Previous experience in the treatment of plaque with hyperthermia in orthopaedics led the authors to investigate the effectiveness of this approach in patients with Peyronie's disease.
The study population comprised 60 patients (aged 36-76 years) with advanced Peyronie's disease. Patients were divided into two groups (A and B), with 30 in each. Group A patients underwent local hyperthermia treatment, with 30-min treatment sessions twice a week for 5 weeks. Patients received a total of 10 applications, which reached a local temperature of 39-40 degrees C. A second cycle was repeated after a 1-month interval for a total of 20 treatment sessions. Group B patients were treated with intra-plaque infiltrations using 10 mg verapamil; they received one infiltration once a week for 3 months.

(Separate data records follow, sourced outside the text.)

Variable D : R.
Hypotheses (D_ge3 : 3 <= D) (card_le : #|T|%:R <= D).

(* For [s := surprisal p y] below [2 ln D], [expR (t * s) <= expR (1/10)];
   above it, [p y * expR (t * s) = expR ((t - 1) * s) <= expR (- 9/20 * s) / D],
   which absorbs [s ^+ 2]. *)
Lemma surprisal_sqr_expR_le (t : R) y : 0 <= t -> 20 * t * ln D <= 1 ->
  p y * surprisal p y ^+ 2 * expR (t * surprisal p y)
    <= 40/9 * ln D ^+ 2 * p y + 400/81 / D.
Proof.
move=> t0 tL; have L1 := ln_ge1 D_ge3; have s0 := surprisal_ge0 y.
have D0 : 0 < D by have := D_ge3; lra.
have c0 : 0 <= 400/81 / D by apply: divr_ge0; lra.
set s := surprisal p y in s0 *.
have := p_ge0 y; rewrite le0r => /predU1P[->|py].
  by rewrite !mul0r mulr0 add0r.
have [sL|Ls] := lerP s (2 * ln D).
  have e : expR (t * s) <= 10/9.
    apply: le_trans (_ : expR (10^-1) <= _).
      by rewrite ler_expR; nra.
    by have := expRM1B_le1 (10^-1 : R); have := expR_gt0 (10^-1 : R); lra.
  have : p y * s ^+ 2 * expR (t * s) <= p y * (4 * ln D ^+ 2) * (10/9).
    apply: ler_pM => //; first exact: mulr_ge0 (ltW py) (sqr_ge0 s).
    by rewrite ler_pM2l //; nra.
  lra.
have pE : p y = expR (- s) by rewrite /s /surprisal opprK lnK.
have : p y * s ^+ 2 * expR (t * s) <= s ^+ 2 * expR (- (9/20 * s)) / D.
  have -> : p y * s ^+ 2 * expR (t * s) = s ^+ 2 * (expR (- s) * expR (t * s)).
    by rewrite pE; ring.
  rewrite -mulrA -expRD; apply: ler_wpM2l; first exact: sqr_ge0.
  have -> : D^-1 = expR (- ln D) by rewrite expRN lnK // posrE.
  by rewrite -expRD ler_expR; nra.
have Di : 0 <= D^-1 by rewrite invr_ge0 ltW.
have := ler_wpM2r Di (sqr_mul_expRN_le s0).
have : 0 <= 40/9 * ln D ^+ 2 * p y by rewrite !mulr_ge0 ?sqr_ge0 ?ltW //; lra.
lra.
Qed.

Lemma sum_surprisal_sqr_expR_le (t : R) : 0 <= t -> 20 * t * ln D <= 1 ->
  \sum_y p y * surprisal p y ^+ 2 * expR (t * surprisal p y) <= 10 * ln D ^+ 2.
Proof.
move=> t0 tL; have L1 := ln_ge1 D_ge3.
apply: le_trans (ler_sum _ (fun y _ => surprisal_sqr_expR_le y t0 tL)) _.
rewrite big_split /= -mulr_sumr p_sum1 mulr1.
rewrite sumr_const -[_ *+ #|_|]mulr_natr.
have D3 := D_ge3; have cT := card_le.
have : 400/81 / D * #|T|%:R <= 400/81 by rewrite mulrAC ler_pdivrMr; lra.
nra.
Qed.

Lemma sum_expR_surprisal_le (s : R) : 20 * `|s| * ln D <= 1 ->
  \sum_y p y * expR (s * surprisal p y)
    <= expR (s * entropy_nats p + 10 * s ^+ 2 * ln D ^+ 2).
Proof.
move=> sL.
have term y : p y * expR (s * surprisal p y) <= p y + s * (p y * surprisal p y)
    + s ^+ 2 * (p y * surprisal p y ^+ 2 * expR (`|s| * surprisal p y)).
  have sy0 := surprisal_ge0 y.
  have := expR_le1Dx_sqr (ler_wpM2r sy0 (ler_norm s))
    (mulr_ge0 (normr_ge0 s) sy0).
  move=> /(ler_wpM2l (p_ge0 y)); congr (_ <= _); ring.
apply: le_trans (ler_sum _ (fun y _ => term y)) _.
rewrite !big_split /= -!mulr_sumr p_sum1; apply: le_trans (expR_ge1Dx _).
have := sum_surprisal_sqr_expR_le (normr_ge0 s) sL.
by move=> /(ler_wpM2l (sqr_ge0 s)); rewrite /entropy_nats; lra.
Qed.

End Surprisal.

Section Exp2.
Variable R : realType.
Implicit Types x y : R.

Lemma exp2E x : exp2 x = expR (x * ln 2).
Proof. by rewrite /exp2 /powR pnatr_eq0. Qed.

Lemma exp2_ge0 x : 0 <= exp2 x.
Proof. exact: powR_ge0. Qed.

Lemma exp2D x y : exp2 (x + y) = exp2 x * exp2 y.
Proof. by rewrite !exp2E mulrDl expRD. Qed.

Lemma exp2_1 : exp2 1 = 2 :> R.
Proof. by rewrite /exp2 powRr1. Qed.

End Exp2.

Section Typical.
Variables (R : realType) (T : finType).
Implicit Types (P Q : T -> R) (A : {set T}).

Definition typical P (a : R) : {set T} :=
  [set t | (0 < P t) && (`|log2 (P t) + entropy P| <= a)].

Lemma in_typical P a t : (t \in typical P a) =
  (0 < P t) && (`|surprisal P t - entropy_nats P| <= a * ln 2).
Proof.
have l2 := @ln2_gt0 R.
rewrite inE log2E_surprisal entropyE -mulrDl normrM normfV (gtr0_norm l2).
by rewrite ler_pdivrMr // addrC distrC.
Qed.

Lemma probE_setC P A : is_dist P -> probE P (~: A) = 1 - probE P A.
Proof.
case=> _ P1; rewrite /probE -P1 [\sum_t _](bigID (mem A)) /= addrC addrK.
by apply: eq_bigl => t; rewrite inE.
Qed.

Lemma sum_minr_dist P Q : is_dist P -> is_dist Q ->
  \sum_t Num.min (P t) (Q t) = 1 - l1dist P Q / 2.
Proof.
case=> _ P1 [_ Q1].
have minE t : Num.min (P t) (Q t) = (P t + Q t - `|P t - Q t|) / 2.
  by case: lerP => _; field.
rewrite (eq_bigr _ (fun t _ => minE t)) -mulr_suml sumrB big_split /= P1 Q1.
by rewrite /l1dist; field.
Qed.

Lemma chernoff_two_sided P (Z : T -> R) (s c x : R) :
  (forall t, 0 <= P t) -> 0 < s ->
  \sum_t P t * expR (s * Z t) <= expR c ->
  \sum_t P t * expR (- s * Z t) <= expR c ->
  \sum_(t | x < `|Z t|) P t <= 2 * expR (c - s * x).
Proof.
move=> P0 s0 mgfP mgfN.
have tail t : (if x < `|Z t| then P t else 0)
    <= expR (- (s * x)) * (P t * expR (s * Z t))
       + expR (- (s * x)) * (P t * expR (- s * Z t)).
  have p0 := P0 t.
  have u0 : 0 <= expR (- (s * x)) * (P t * expR (s * Z t)).
    by rewrite !mulr_ge0 ?expR_ge0.
  have v0 : 0 <= expR (- (s * x)) * (P t * expR (- s * Z t)).
    by rewrite !mulr_ge0 ?expR_ge0.
  case: ifP => [|_]; last by lra.
  rewrite ltr_normr => /orP[] xZ.
  - have : 1 <= expR (- (s * x)) * expR (s * Z t).
      by rewrite -expRD -expR0 ler_expR; nra.
    nra.
  - have : 1 <= expR (- (s * x)) * expR (- s * Z t).
      by rewrite -expRD -expR0 ler_expR; nra.
    nra.
rewrite big_mkcond /=; apply: le_trans (ler_sum _ (fun t _ => tail t)) _.
rewrite big_split /= -!mulr_sumr.
have e : expR (- (s * x)) * expR c = expR (c - s * x) by rewrite -expRD addrC.
have := ler_wpM2l (expR_ge0 (- (s * x))) mgfP.
have := ler_wpM2l (expR_ge0 (- (s * x))) mgfN.
lra.
Qed.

Differences between the two groups, as well as between variables (before and after treatment), were analysed using Student t-test and Fisher test.

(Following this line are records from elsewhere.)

(* For $|q|<1$, \begin{align*} \phi(q)+\sum_{r=1}^{\infty}(-1;q^2)_rq^r&=\sum_{n=-\infty}^{\infty}\frac{q^{n^2}}{(-q^2;q^2)_n}=\frac{(-q,-q,q^2;q^2)_{\infty}}{(q,-q^2;q^2)_{\infty}},\\ \nu(q)+\sum_{r=0}^{\infty}(-q;q^2)_rq^r&=\sum_{n=-\infty}^{\infty}\frac{q^{n^2+n}}{(-q;q^2)_{n+1}}=2(-q^2,-q^2;q^2)_{\infty}(q^4;q^4)_{\infty},\\ \psi(q)+\sum_{r=0}^{\infty}(q;q^2)_r(-1)^r&=\sum_{n=-\infty}^{\infty}\frac{q^{n^2}}{(q;q^2)_n}=\frac{(-q,-q,q^2;q^2)_{\infty}}{2(q,-q^2;q^2)_{\infty}}, \end{align*} where in the third identity the series $\sum_{r\ge0}(q;q^2)_r(-1)^r$ (equivalently the part of the bilateral series with negative index) is summed in the Cesàro sense.
   Context: For $n\ge 0$, $(a;q)_n=\prod_{j=0}^{n-1}(1-aq^j)$, $(a;q)_\infty=\prod_{j\ge0}(1-aq^j)$, and for negative index $(a;q)_{-n}=1/(aq^{-n};q)_n$. Also $(a_1,\dots,a_k;q)_n=(a_1;q)_n\cdots(a_k;q)_n$ (same for $n=\infty$). Third order mock theta functions: $\phi(q)=\sum_{n\ge0}\frac{q^{n^2}}{(-q^2;q^2)_n}$, $\psi(q)=\sum_{n\ge1}\frac{q^{n^2}}{(q;q^2)_n}$, $\nu(q)=\sum_{n\ge0}\frac{q^{n^2+n}}{(-q;q^2)_{n+1}}$. *)

From Stdlib Require Import Reals ZArith.
Open Scope R_scope.

Record Cplx : Type := mkC { Re : R; Im : R }.

Definition Czero : Cplx := mkC 0 0.
Definition Cone : Cplx := mkC 1 0.
Definition RtoC (x : R) : Cplx := mkC x 0.
Definition Cadd (z w : Cplx) : Cplx := mkC (Re z + Re w) (Im z + Im w).
Definition Copp (z : Cplx) : Cplx := mkC (- Re z) (- Im z).
Definition Csub (z w : Cplx) : Cplx := Cadd z (Copp w).
Definition Cmul (z w : Cplx) : Cplx :=
  mkC (Re z * Re w - Im z * Im w) (Re z * Im w + Im z * Re w).
Definition Cnorm2 (z : Cplx) : R := Re z * Re z + Im z * Im z.
(* Cinv 0 = 0 by the (irrelevant here) total convention *)
Definition Cinv (z : Cplx) : Cplx := mkC (Re z / Cnorm2 z) (- Im z / Cnorm2 z).
Definition Cdiv (z w : Cplx) : Cplx := Cmul z (Cinv w).
Definition Cnorm (z : Cplx) : R := sqrt (Cnorm2 z).
Fixpoint Cpow (z : Cplx) (n : nat) : Cplx :=
  match n with O => Cone | S k => Cmul z (Cpow z k) end.

Definition Ccv (u : nat -> Cplx) (l : Cplx) : Prop :=
  forall eps : R, eps > 0 -> exists N : nat, forall n : nat, (n >= N)%nat ->
    Cnorm (Csub (u n) l) < eps.

Fixpoint Csum (f : nat -> Cplx) (N : nat) : Cplx :=
  match N with O => f O | S k => Cadd (Csum f k) (f (S k)) end.

Definition Cser (f : nat -> Cplx) (l : Cplx) : Prop := Ccv (Csum f) l.

(* the series sum_{k>=0} f k is Cesaro summable to l:
   the arithmetic means of the partial sums converge to l *)
Definition Ccesaro (f : nat -> Cplx) (l : Cplx) : Prop :=
  Ccv (fun N => Cmul (RtoC (/ INR (S N))) (Csum (Csum f) N)) l.

Fixpoint qpoch (a q : Cplx) (n : nat) : Cplx :=
  match n with
  | O => Cone
  | S k => Cmul (qpoch a q k) (Csub Cone (Cmul a (Cpow q k)))
  end.

Definition qpochZ (a q : Cplx) (n : Z) : Cplx :=
  match n with
  | Z0 => Cone
  | Zpos p => qpoch a q (Pos.to_nat p)
  | Zneg p => Cinv (qpoch (Cmul a (Cpow (Cinv q) (Pos.to_nat p))) q (Pos.to_nat p))
  end.

Definition qpinf (a q l : Cplx) : Prop := Ccv (qpoch a q) l.

Definition phi_term (q : Cplx) (n : nat) : Cplx :=
  Cdiv (Cpow q (n * n)) (qpoch (Copp (Cpow q 2)) (Cpow q 2) n).
(* psi(q) = sum_{n>=1}: shifted index n = k+1 *)
Definition psi_term (q : Cplx) (k : nat) : Cplx :=
  Cdiv (Cpow q (S k * S k)) (qpoch q (Cpow q 2) (S k)).
Definition nu_term (q : Cplx) (n : nat) : Cplx :=
  Cdiv (Cpow q (n * n + n)) (qpoch (Copp q) (Cpow q 2) (S n)).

Hyperthermia significantly reduced plaque size and penile curvature and led to an increase in mean scores of erectile function (EF) domain, while verapamil had no such effects. Haemodynamic parameters were not significantly modified in either group. Hyperthermia caused significantly fewer side effects than verapamil infiltrations and was significantly more effective in preventing disease progression. There were no significant differences between the two groups in terms of pain reduction during erection.
Results of this study stress the efficacy of hyperthermia in the treatment of advanced Peyronie's disease.